BEGIN Exercise data
(* Let $L$ be a finite simple lattice such that the join of all atoms of $L$ equals $1$, or the meet of all coatoms of $L$ equals $0$. Then the only tolerances on $L$ are $\mathrm{id}_L$ and $L^2$, and consequently $\mathsf{C}(L)=\mathsf{Pol}_{0,1}(L)$.
   Context: $L$ has bounds $0,1$. An atom is an element covering $0$; a coatom is an element covered by $1$. $L$ is simple if its only congruences (compatible equivalence relations) are $\mathrm{id}_L=\{(x,x):x\in L\}$ and $L^2$. A tolerance on $L$ is a reflexive, symmetric binary relation $T$ such that $(a,b),(c,d)\in T$ imply $(a\vee c,b\vee d),(a\wedge c,b\wedge d)\in T$. An $n$-ary aggregation function on $L$ ($n\ge1$) is a nondecreasing map $A:L^n\to L$ with $A(0,\dots,0)=0$, $A(1,\dots,1)=1$; $\mathsf{C}(L)$ is the set of all of them. Polynomials on $L$ are functions $L^n\to L$ built from projections and constants by finitely many pointwise joins and meets; $\mathsf{Pol}_{0,1}(L)$ is the set of polynomials preserving $0$ and $1$. *)

From HB Require Import structures.
From mathcomp Require Import all_boot all_order.
Set Implicit Arguments. Unset Strict Implicit. Unset Printing Implicit Defensive.
Import Order.TTheory.
Local Open Scope order_scope.

Section LatticeDefs.
Context {d : Order.disp_t} {L : finTBLatticeType d}.

Definition atom (a : L) : bool :=
  (\bot < a) && ~~ [exists x : L, (\bot < x) && (x < a)].
Definition coatom (a : L) : bool :=
  (a < \top) && ~~ [exists x : L, (a < x) && (x < \top)].

Definition lattice_compatible (R : L -> L -> Prop) : Prop :=
  forall a b c e : L, R a b -> R c e ->
    R (a `|` c) (b `|` e) /\ R (a `&` c) (b `&` e).

Definition congruence (R : L -> L -> Prop) : Prop :=
  (forall x, R x x) /\ (forall x y, R x y -> R y x) /\
  (forall x y z, R x y -> R y z -> R x z) /\ lattice_compatible R.

Definition tolerance (R : L -> L -> Prop) : Prop :=
  (forall x, R x x) /\ (forall x y, R x y -> R y x) /\ lattice_compatible R.

Definition is_identity_rel (R : L -> L -> Prop) : Prop :=
  forall x y, R x y <-> x = y.
Definition is_full_rel (R : L -> L -> Prop) : Prop :=
  forall x y, R x y.

Definition simple_lattice : Prop :=
  forall R, congruence R -> is_identity_rel R \/ is_full_rel R.

Definition aggregation (n : nat) (A : ('I_n -> L) -> L) : Prop :=
  (forall x y : 'I_n -> L, (forall i, x i <= y i) -> A x <= A y) /\
  A (fun _ => \bot) = \bot /\ A (fun _ => \top) = \top.

End LatticeDefs.

Inductive lpoly (T : Type) (n : nat) : Type :=
| PVar of 'I_n
| PConst of T
| PJoin of lpoly T n & lpoly T n
| PMeet of lpoly T n & lpoly T n.

Fixpoint lpoly_eval {d : Order.disp_t} {L : finTBLatticeType d} {n : nat}
    (p : lpoly L n) (x : 'I_n -> L) : L :=
  match p with
  | PVar i => x i
  | PConst c => c
  | PJoin p q => lpoly_eval p x `|` lpoly_eval q x
  | PMeet p q => lpoly_eval p x `&` lpoly_eval q x
  end.

Definition pol01 {d : Order.disp_t} {L : finTBLatticeType d} (n : nat)
    (f : ('I_n -> L) -> L) : Prop :=
  (exists p : lpoly L n, forall x, f x = lpoly_eval p x) /\
  f (fun _ => \bot) = \bot /\ f (fun _ => \top) = \top.

From HB Require Import structures.
From mathcomp Require Import all_boot all_order.
From Stdlib Require Import Relation_Operators Operators_Properties.
Import Order.TTheory.
Local Open Scope order_scope.
Set Implicit Arguments. Unset Strict Implicit.

(* The reflexive-transitive closure of a tolerance T is a congruence, so by
   simplicity it is either the identity (and then so is T) or everything.  In
   the latter case a chain from 0 to an atom a, met with a, takes only the
   values 0 and a, so some T-step gives T 0 a; joining these over all atoms
   gives T 0 1 and then T is full (dually for coatoms).
   For the second claim, apply this to the tolerance {(p(x,y), p(y,x))} given
   by binary polynomials p: for b not below y it yields a polynomial sending
   (b v y, y) to 1 and (y, b v y) to 0.  Meets of such polynomials realize the
   indicator of every principal filter of L^n, and a monotone f is the join of
   the f(c) /\ [c <= z]. *)

Section ReflTransClosure.
Variables (A : Type) (R : A -> A -> Prop).

Lemma clos_rt_map (h : A -> A) :
  (forall x y, R x y -> R (h x) (h y)) ->
  forall x y, clos_refl_trans _ R x y -> clos_refl_trans _ R (h x) (h y).
Proof.
move=> hR x y; elim=> [u v /hR|u|u v w _ Huv _ Hvw]; first exact: rt_step.
  exact: rt_refl.
exact: rt_trans Huv Hvw.
Qed.

Lemma clos_rt_sym : (forall x y, R x y -> R y x) ->
  forall x y, clos_refl_trans _ R x y -> clos_refl_trans _ R y x.
Proof.
move=> Rsym x y; elim=> [u v /Rsym|u|u v w _ Hvu _ Hwv]; first exact: rt_step.
  exact: rt_refl.
exact: rt_trans Hwv Hvu.
Qed.

Lemma clos_rt_cross (P : pred A) x y : clos_refl_trans _ R x y -> P x -> ~~ P y ->
  exists u v, [/\ R u v, P u & ~~ P v].
Proof.
move/clos_rt_rt1n_iff; elim=> [u /[swap]/negP //|u v w Ruv _ IH Pu Nw].
by case Pv: (P v); [exact: IH | exists u, v; rewrite Pv].
Qed.

End ReflTransClosure.

Section Tolerance.
Context {d : Order.disp_t} {L : finTBLatticeType d}.
Variable T : L -> L -> Prop.
Hypothesis T_tol : tolerance T.

Let Trefl : forall x, T x x := T_tol.1.
Let Tsym : forall x y, T x y -> T y x := T_tol.2.1.
Let Tcomp : lattice_compatible T := T_tol.2.2.

Lemma tol_joinr z x y : T x y -> T (x `|` z) (y `|` z).
Proof. by move=> Txy; have [] := Tcomp Txy (Trefl z). Qed.

Lemma tol_joinl z x y : T x y -> T (z `|` x) (z `|` y).
Proof. by move=> Txy; have [] := Tcomp (Trefl z) Txy. Qed.

Lemma tol_meetr z x y : T x y -> T (x `&` z) (y `&` z).
Proof. by move=> Txy; have [] := Tcomp Txy (Trefl z). Qed.

Lemma tol_meetl z x y : T x y -> T (z `&` x) (z `&` y).
Proof. by move=> Txy; have [] := Tcomp (Trefl z) Txy. Qed.

Lemma clos_rt_tol_congruence : congruence (clos_refl_trans _ T).
Proof.
split; first exact: rt_refl.
split; first exact: clos_rt_sym.
split; first exact: rt_trans.
move=> a b c e Hab Hce; split; apply: rt_trans.
- exact: clos_rt_map (tol_joinr c) _ _ Hab.
- exact: clos_rt_map (tol_joinl b) _ _ Hce.
- exact: clos_rt_map (tol_meetr c) _ _ Hab.
- exact: clos_rt_map (tol_meetl b) _ _ Hce.
Qed.

Lemma tol_bot_top_full : T \bot \top -> is_full_rel T.
Proof.
move=> T01 x y; have := tol_meetl x T01; have := tol_meetl y (Tsym T01).
rewrite !meetx0 !meetx1 => Ty0 T0x; apply: Tsym.
by have [] := Tcomp Ty0 T0x; rewrite joinx0 join0x.
Qed.

Lemma atom_meet (a x : L) : atom a -> x `&` a = \bot \/ x `&` a = a.
Proof.
case/andP=> _ /existsPn noBetween.
have [-> | ne0] := eqVneq (x `&` a) \bot; first by left.
have [-> | nea] := eqVneq (x `&` a) a; first by right.
by move: (noBetween (x `&` a)); rewrite !lt_neqAle eq_sym ne0 nea le0x leIr.
Qed.

Lemma coatom_join (a x : L) : coatom a -> x `|` a = \top \/ x `|` a = a.
Proof.
case/andP=> _ /existsPn noBetween.
have [-> | ne1] := eqVneq (x `|` a) \top; first by left.
have [-> | nea] := eqVneq (x `|` a) a; first by right.
by move: (noBetween (x `|` a)); rewrite !lt_neqAle ne1 eq_sym nea leUr lex1.
Qed.

Lemma clos_rt_tol_atom a : atom a -> clos_refl_trans _ T \bot a -> T \bot a.
Proof.
move=> Ha Hchain; have a_ne0 : a `&` a != \bot.
  by rewrite meetxx; case/andP: Ha; rewrite lt_def => /andP[].
have [u [v [/(tol_meetr a) Tuv /eqP u0 v0]]] :=
  clos_rt_cross (P := fun x => x `&` a == \bot) Hchain (introT eqP (meet0x a)) a_ne0.
by case: (atom_meet v Ha) v0 Tuv => ->; rewrite ?eqxx // u0.
Qed.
END Exercise data
What you should do: Copy out word for word each line of the listing, from the very first line down to the line containing "(forall x y z, R", and stop after that line.

Result of this exercise:
(* Let $L$ be a finite simple lattice such that the join of all atoms of $L$ equals $1$, or the meet of all coatoms of $L$ equals $0$. Then the only tolerances on $L$ are $\mathrm{id}_L$ and $L^2$, and consequently $\mathsf{C}(L)=\mathsf{Pol}_{0,1}(L)$.
   Context: $L$ has bounds $0,1$. An atom is an element covering $0$; a coatom is an element covered by $1$. $L$ is simple if its only congruences (compatible equivalence relations) are $\mathrm{id}_L=\{(x,x):x\in L\}$ and $L^2$. A tolerance on $L$ is a reflexive, symmetric binary relation $T$ such that $(a,b),(c,d)\in T$ imply $(a\vee c,b\vee d),(a\wedge c,b\wedge d)\in T$. An $n$-ary aggregation function on $L$ ($n\ge1$) is a nondecreasing map $A:L^n\to L$ with $A(0,\dots,0)=0$, $A(1,\dots,1)=1$; $\mathsf{C}(L)$ is the set of all of them. Polynomials on $L$ are functions $L^n\to L$ built from projections and constants by finitely many pointwise joins and meets; $\mathsf{Pol}_{0,1}(L)$ is the set of polynomials preserving $0$ and $1$. *)

From HB Require Import structures.
From mathcomp Require Import all_boot all_order.
Set Implicit Arguments. Unset Strict Implicit. Unset Printing Implicit Defensive.
Import Order.TTheory.
Local Open Scope order_scope.

Section LatticeDefs.
Context {d : Order.disp_t} {L : finTBLatticeType d}.

Definition atom (a : L) : bool :=
  (\bot < a) && ~~ [exists x : L, (\bot < x) && (x < a)].
Definition coatom (a : L) : bool :=
  (a < \top) && ~~ [exists x : L, (a < x) && (x < \top)].

Definition lattice_compatible (R : L -> L -> Prop) : Prop :=
  forall a b c e : L, R a b -> R c e ->
    R (a `|` c) (b `|` e) /\ R (a `&` c) (b `&` e).

Definition congruence (R : L -> L -> Prop) : Prop :=
  (forall x, R x x) /\ (forall x y, R x y -> R y x) /\
  (forall x y z, R x y -> R y z -> R x z) /\ lattice_compatible R.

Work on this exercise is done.